I sat down with Rubin for a conversation about entrepreneurial funding’s rapid evolution-- from equity crowdfunding to Initial Coin Offerings (ICOs)-- where he sees this trending and his thoughts on where our lives might be headed the rest of the century. (Find our full video interview here.)
Crowdfunding, ICOs and The Future Of Entrepreneurship
Through Indiegogo’s decade, funding has transformed. In 2008, few people understood or believed in crowdfunding. We’re now in a similar transition with equity crowdfunding, a field the company helped pioneer, working with legislators and regulators from passage of the JOBS Act through the evolution of regulations.
While equity crowdfunding has advanced more slowly than some had anticipated, Rubin proposes, “I think when equity crowdfunding turns 10 years old, it will have been a gamechanger.”
"When equity crowdfunding turns 10 years old, it will have been a gamechanger."
Recently, ICOs have upstaged other forms of early stage funding, though it’s been a mad gold rush. While ICOs clearly compete with traditional crowdfunding-- and have thus far raised more in aggregate than all Indiegogo campaigns combined-- Rubin remains mission-focused. “I’m super pro any innovation which improves access to capital, because I’m very pro-the-entrepreneur.”
In late 2017, Indiegogo announced a new platform for supporting ICOs. The company seeks to remain at the forefront of funding while navigating a credible, compliant path. “I’d be surprised if by the end of the decade it’s not already quite clear.” Indie is working with regulators to enable ICOs while mitigating risks for entrepreneurs and the public.
A cautious, engaged approach to ICOs might yet prevail.
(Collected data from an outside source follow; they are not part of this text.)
Lemma esssup_negpart_phi : (0 < Tm)%R ->
  is_esssup P ST (fun th x => maxe (- phi th x) 0) (cst 0).
Proof.
move=> Tm0; split; [exact: measurable_cst|split].
- move=> th s; apply: filterS (ae_phi_ge0 s) => x phi0.
  by rewrite ge_max lexx andbT leeNl oppe0.
- move=> Z _ negpartZ; apply: filterS (negpartZ _ (stopping_time0 uF Tm0)) => x.
  by apply: le_trans; rewrite le_max lexx orbT.
Qed.

End monotone_limit_of_supermartingale_families.

Theorem lemma3p6 (d : measure_display) (T : measurableType d) (R : realType)
    (P : probability T R) (Tm : R) (F : R -> set (set T))
    (phin : nat -> (T -> R) -> T -> \bar R) :
  0 < Tm ->
  usual_filtration P Tm F ->
  (forall n, right_CE P Tm F (phin n)) ->
  (forall n, supermartingale_family P Tm F (phin n)) ->
  (forall n th, stopping_time Tm F th -> {ae P, forall x, (0 <= phin n th x)%E}) ->
  (forall n th, stopping_time Tm F th ->
     {ae P, forall x, (phin n th x <= phin n.+1 th x)%E}) ->
  right_CE P Tm F (fun th x => limn_esup (fun n => phin n th x)) /\
  supermartingale_family P Tm F (fun th x => limn_esup (fun n => phin n th x)).
Proof.
move=> Tm0 uF rce smf ge0 nd; split; first exact: right_CE_phi.
split; [exact: admissible_phi| |exact: cond_exp_phi].
exists (cst 0%E); split; first exact: esssup_negpart_phi.
by rewrite integral0 ltry.
Qed.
While Indie missed the ICO scramble, their cautious approach might yet prevail. SEC Chairman Jay Clayton recently commented, “Many ICOs are being conducted illegally…. Some people say that’s because the law isn’t clear. I do not buy that for a moment.”
While some lament the rise of ICO regulation, the field’s productive proliferation requires clarity. Regulators worldwide are experimenting with various approaches to simultaneously protect citizens and attract and encourage ICO activity. French Finance Minister Bruno Le Maire recently asserted his country’s ambition to provide a regulatory framework necessary for France to become a leading ICO hub. “A revolution is underway…. [France] should not miss out on the blockchain revolution.”
20 Years Hence
Beyond funding and entrepreneurship, I asked Rubin for his thoughts about our lives 20 years hence. “It will be a much easier life to live, but more complicated.” When one’s station in life was defined by others—corporate hierarchies, religion, class systems, society in general—while restrictive, sometimes oppressive, individuals also attained a sort of freedom from the responsibility to determine their own paths.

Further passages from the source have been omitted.